Kulit Segar Jadi Kunci Kualitas

Dalam pembuatan kerupuk rambak Tulungagung, bahan baku menjadi salah satu bagian penting. Rambak Pak Jarwo memilih kulit sapi segar yang diperoleh langsung dari tempat penjagalan.

Bahan baku tersebut berasal dari Tulungagung dan daerah sekitar, termasuk Blitar serta Kediri. Pemilihan bahan baku lokal juga berkaitan dengan proses pengurusan sertifikasi halal.

Menurut penjelasan dalam video, penggunaan bahan baku dari daerah lokal memudahkan produsen memastikan proses penyembelihan dilakukan sesuai ketentuan yang diperlukan untuk pengajuan izin halal.

Baca Juga: Kerupuk Rambak Khas Tulungagung Jadi Primadona saat Lebaran Idul Fitri

Setelah kulit tersedia, proses pertama adalah pengerokan. Bulu yang masih menempel harus dihilangkan hingga bersih sebelum kulit masuk ke tahap berikutnya.

Kulit kemudian direbus sampai lunak dan matang. Lama perebusan bergantung pada ketebalan serta kondisi kulit. Secara umum, proses tersebut membutuhkan waktu sekitar empat jam atau lebih.

Direbus, Diiris, Lalu Dijemur

Setelah perebusan selesai, kulit ditiriskan dan dikeringkan. Berikutnya, kulit diiris sesuai ukuran yang dibutuhkan pelanggan.

Proses pengeringan menjadi salah satu tahapan yang cukup menentukan kualitas rambak. Setelah irisan kulit dijemur hingga kering, produsen melakukan pasteurisasi.

Baca Juga: Kerupuk Rambak Khas Tulungagung Jadi Primadona saat Lebaran Idul Fitri

Tahap tersebut memiliki tiga tujuan. Pertama, mengurangi kadar air. Kedua, membersihkan kotoran yang mungkin menempel selama proses penjemuran. Ketiga, melakukan sterilisasi dengan pemanasan.

Pasteurisasi dilakukan sekitar delapan hingga sepuluh jam. Dengan proses tersebut, kuman yang masih terdapat pada bahan dapat dimatikan sehingga rambak lebih aman dan siap masuk tahap selanjutnya.

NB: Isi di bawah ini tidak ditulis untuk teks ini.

(* Let $\Omega\subset\mathbb{R}^d$ be a domain of finite measure. For $\Theta=(a,b)\in\mathbb{R}^d\times\mathbb{R}$ define $f_\Theta:\Omega\to\mathbb{R}$ by $f_\Theta(x):=H(a\cdot x+b)$, where $H$ is the Heaviside function. Then: 1. for any $\Theta_0=(a_0,b_0)$ with $a_0\ne0$ and any sequence $\{\Theta_n\}_{n\in\mathbb{N}}=\{(a_n,b_n)\}$ converging to $\Theta_0$, $f_{\Theta_n}\to f_{\Theta_0}$ almost everywhere in $\Omega$; 2. if in addition $\Omega$ is bounded, then for any degenerate parameter $\Theta_0=(0,b_0)$ there exists a non-degenerate $\Theta'=(a',b')$ (i.e. $a'\ne0$) such that $f_{\Theta_0}\equiv f_{\Theta'}$ in $\Omega$.
   Context: The Heaviside function is $H(t)=1$ for $t\ge0$ and $H(t)=0$ for $t<0$. *)

From mathcomp Require Import all_boot all_algebra all_classical all_reals all_analysis.
Import GRing.Theory Num.Theory numFieldNormedType.Exports.
Set Implicit Arguments. Unset Strict Implicit. Unset Printing Implicit Defensive.
Local Open Scope ring_scope.
Local Open Scope classical_set_scope.

Definition heaviside (R : realType) (t : R) : R := if 0 <= t then 1 else 0.

Definition dotv (R : realType) (d : nat) (a x : 'rV[R]_d) : R :=
  \sum_(i < d) a ord0 i * x ord0 i.

Definition fTheta (R : realType) (d : nat) (a : 'rV[R]_d) (b : R) (x : 'rV[R]_d) : R :=
  heaviside (dotv a x + b).

Definition box (R : realType) (d : nat) (l u : 'rV[R]_d) : set 'rV[R]_d :=
  [set x | forall i, l ord0 i <= x ord0 i <= u ord0 i].
Definition box_vol (R : realType) (d : nat) (l u : 'rV[R]_d) : R :=
  \prod_(i < d) (u ord0 i - l ord0 i).

Definition lebesgue_outer (R : realType) (d : nat) (A : set 'rV[R]_d) : \bar R :=
  ereal_inf [set s : \bar R | exists (l u : nat -> 'rV[R]_d),
     (forall n i, l n ord0 i <= u n ord0 i) /\
     A `<=` \bigcup_n box (l n) (u n) /\
     s = (\sum_(0 <= n <oo) (box_vol (l n) (u n))%:E)%E].

Definition lebesgue_null (R : realType) (d : nat) (A : set 'rV[R]_d) : Prop :=
  lebesgue_outer A = 0%E.

Definition domain (R : realType) (d : nat) (Om : set 'rV[R]_d) : Prop :=
  open Om /\ connected Om /\ Om !=set0.

From mathcomp Require Import all_boot all_algebra all_classical all_reals all_analysis.
From mathcomp Require Import ring lra.
Import order.Order.TTheory GRing.Theory Num.Theory numFieldNormedType.Exports.

Set Implicit Arguments. Unset Strict Implicit. Unset Printing Implicit Defensive.
Local Open Scope ring_scope.
Local Open Scope classical_set_scope.
Definition lattice_spanning (d n : nat) (A : 'M[int]_(d, n)) : Prop :=
  forall v : 'cV[int]_d, exists x : 'cV[int]_n, A *m x = v.

Definition in_NA (d n : nat) (A : 'M[int]_(d, n)) (b : 'cV[int]_d) : Prop :=
  exists u : 'cV[int]_n, (forall j, 0 <= u j 0) /\ A *m u = b.

Definition face_Delta (R : realType) (d n : nat) (A : 'M[int]_(d, n))
    (c : 'rV[int]_n) (sigma : {set 'I_n}) : Prop :=
  exists y : 'rV[R]_d, forall j : 'I_n,
    (j \in sigma -> (y *m col j (realmx R A)) 0 0 = (c 0 j)%:~R) /\
    (j \notin sigma -> (y *m col j (realmx R A)) 0 0 < (c 0 j)%:~R).

(* c generic: Delta_c is a triangulation, i.e. every face sigma of Delta_c
   is simplicial: the columns a_j, j in sigma, are linearly independent. *)
Definition generic_cost (R : realType) (d n : nat) (A : 'M[int]_(d, n))
    (c : 'rV[int]_n) : Prop :=
  forall sigma : {set 'I_n}, face_Delta R A c sigma ->
    forall lam : 'cV[R]_n, (forall j, j \notin sigma -> lam j 0 = 0) ->
      realmx R A *m lam = 0 -> lam = 0.

Definition kernel_lattice_basis (d n k : nat) (A : 'M[int]_(d, n))
    (B : 'M[int]_(n, k)) : Prop :=
  [/\ A *m B = 0,
      (forall x : 'cV[int]_n, A *m x = 0 -> exists z : 'cV[int]_k, x = B *m z) &
      (forall z : 'cV[int]_k, B *m z = 0 -> z = 0)].

Definition grp_feasible (n k : nat) (B : 'M[int]_(n, k)) (u : 'cV[int]_n)
    (tau : {set 'I_n}) (z : 'cV[int]_k) : Prop :=
  forall j : 'I_n, j \notin tau -> (B *m z) j 0 <= u j 0.

Definition grp_obj (n k : nat) (c : 'rV[int]_n) (B : 'M[int]_(n, k))
    (z : 'cV[int]_k) : int :=
  ((- (c *m B)) *m z) 0 0.

Definition grp_has_finite_opt (n k : nat) (c : 'rV[int]_n) (B : 'M[int]_(n, k))
    (u : 'cV[int]_n) (tau : {set 'I_n}) : Prop :=
  exists z : 'cV[int]_k, grp_feasible B u tau z /\
    forall z' : 'cV[int]_k, grp_feasible B u tau z' -> grp_obj c B z <= grp_obj c B z'.

(* If tau is a face of Delta_c, a point y with yA <= c that is tight on tau
   gives, by weak duality, the lower bound yAu - cu for the integer objective
   on the feasible lattice points, so the minimum is attained.  Conversely, at
   an optimum no integer (hence no rational) direction r with B^{bar tau} r <= 0
   improves the objective, so by Farkas' lemma cB = mu B for some mu >= 0
   vanishing on tau.  Then c - mu is orthogonal to ker_Z A = B Z^(n-d), hence
   lies in the rational row space of A: c - mu = yA, with y tight on tau.
   Finally, since the columns of a cell of Delta_c are independent, y can be
   perturbed to be tight exactly on tau. *)

From HB Require Import structures.
From mathcomp Require Import all_boot all_order all_algebra.
From mathcomp Require Import reals.
From mathcomp Require Import ring lra.
From Stdlib Require Import Classical.
Set Implicit Arguments. Unset Strict Implicit. Unset Printing Implicit Defensive.
Import Order.TTheory GRing.Theory Num.Theory.
Local Open Scope ring_scope.

Section FourierMotzkin.
Variable F : realFieldType.

Lemma sum_comb_exchange (I J : finType) (lam : J -> F) (co : J -> I -> F) (f : I -> F) :
  \sum_i (\sum_j lam j * co j i) * f i = \sum_j lam j * \sum_i co j i * f i.
Proof.
under eq_bigr do rewrite mulr_suml.
rewrite exchange_big /=; apply: eq_bigr => j _.
by rewrite mulr_sumr; apply: eq_bigr => i _; rewrite mulrA.
Qed.

Lemma sum_indicator (I : finType) (i0 : I) (f : I -> F) :
  \sum_i (i == i0)%:R * f i = f i0.
Proof.
rewrite (bigD1 i0) //= eqxx mul1r big1 ?addr0 // => i /negbTE ->.
by rewrite mul0r.
Qed.

Section EliminateOneVariable.
Variables (I : finType) (a : I -> F).

(* The rows of the eliminated system: the rows with [a i = 0], and for every
   pair [a p > 0 > a q] the combination [- a q * row p + a p * row q]. *)
Definition fm_comb (j : I + I * I) (i : I) : F :=
  match j with
  | inl i0 => ((i == i0) && (a i0 == 0))%:R
  | inr (p, q) => if (0 < a p) && (a q < 0)
      then (i == p)%:R * - a q + (i == q)%:R * a p else 0
  end.

Lemma fm_comb_ge0 j i : 0 <= fm_comb j i.
Proof.
case: j => [i0 | [p q]] /=; first by case: (_ && _).
case: ifP => // /andP [ap_gt0 aq_lt0].
by rewrite addr_ge0 // mulr_ge0 ?ler0n // ?oppr_ge0 ltW.
Qed.

Definition fm_elim (f : I -> F) j := \sum_i fm_comb j i * f i.

Lemma fm_elim_zero i0 (f : I -> F) : a i0 = 0 -> fm_elim f (inl i0) = f i0.
Proof.
move=> ai0; rewrite /fm_elim -[RHS]sum_indicator; apply: eq_bigr => i _.
by rewrite /= ai0 eqxx andbT.
Qed.

Lemma fm_elim_pair p q (f : I -> F) : 0 < a p -> a q < 0 ->
  fm_elim f (inr (p, q)) = - a q * f p + a p * f q.
Proof.
move=> ap_gt0 aq_lt0; rewrite /fm_elim /= ap_gt0 aq_lt0 /=.
under eq_bigr do rewrite mulrDl -!mulrA.
by rewrite big_split /= !sum_indicator.
Qed.

Lemma fm_elim_self j : fm_elim a j = 0.
Proof.
case: j => [i0 | [p q]].
  have [ai0 | ai0_neq0] := eqVneq (a i0) 0; first by rewrite fm_elim_zero.
  by rewrite /fm_elim big1 // => i _; rewrite /= (negbTE ai0_neq0) andbF mul0r.
have [/andP [ap_gt0 aq_lt0] | pq_not_mixed] := boolP ((0 < a p) && (a q < 0)).
  by rewrite fm_elim_pair // mulNr [a q * _]mulrC addNr.
by rewrite /fm_elim big1 // => i _; rewrite /= (negbTE pq_not_mixed) mul0r.
Qed.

Total waktu produksi dari bahan baku hingga menjadi kerupuk rambak sekitar lima sampai tujuh hari. Proses tersebut membuat kualitas bahan harus dijaga sejak awal.

Baca Juga: Cerita Perajin Kerupuk Rambak Legendaris di Tulungagung, Dua Dasawarsa Geluti Bisnis Rambak

Pertahankan Kriuk Meski Musim Hujan

Ciri khas Rambak Pak Jarwo terletak pada rasa gurih dan teksturnya. Kerupuk disebut memiliki kerenyahan yang berbeda sehingga menghasilkan sensasi kriuk saat dikonsumsi.

Menjaga kualitas itu bukan perkara mudah, terutama ketika musim penghujan. Proses penjemuran menjadi lebih sulit karena cuaca dapat berubah sewaktu-waktu.

Ketika hujan atau mendung datang, kulit yang sedang dijemur harus kembali dimasukkan. Dalam sehari, aktivitas tersebut bahkan bisa dilakukan hingga empat atau lima kali.

Baca Juga: Cerita Perajin Kerupuk Rambak Legendaris di Tulungagung, Dua Dasawarsa Geluti Bisnis Rambak

Produsen memilih tidak mengandalkan oven untuk mempercepat proses pengeringan. Alasannya, penggunaan oven dinilai dapat menghasilkan tekstur rambak yang kurang maksimal dan mengurangi karakter kriuk yang menjadi ciri khas produknya.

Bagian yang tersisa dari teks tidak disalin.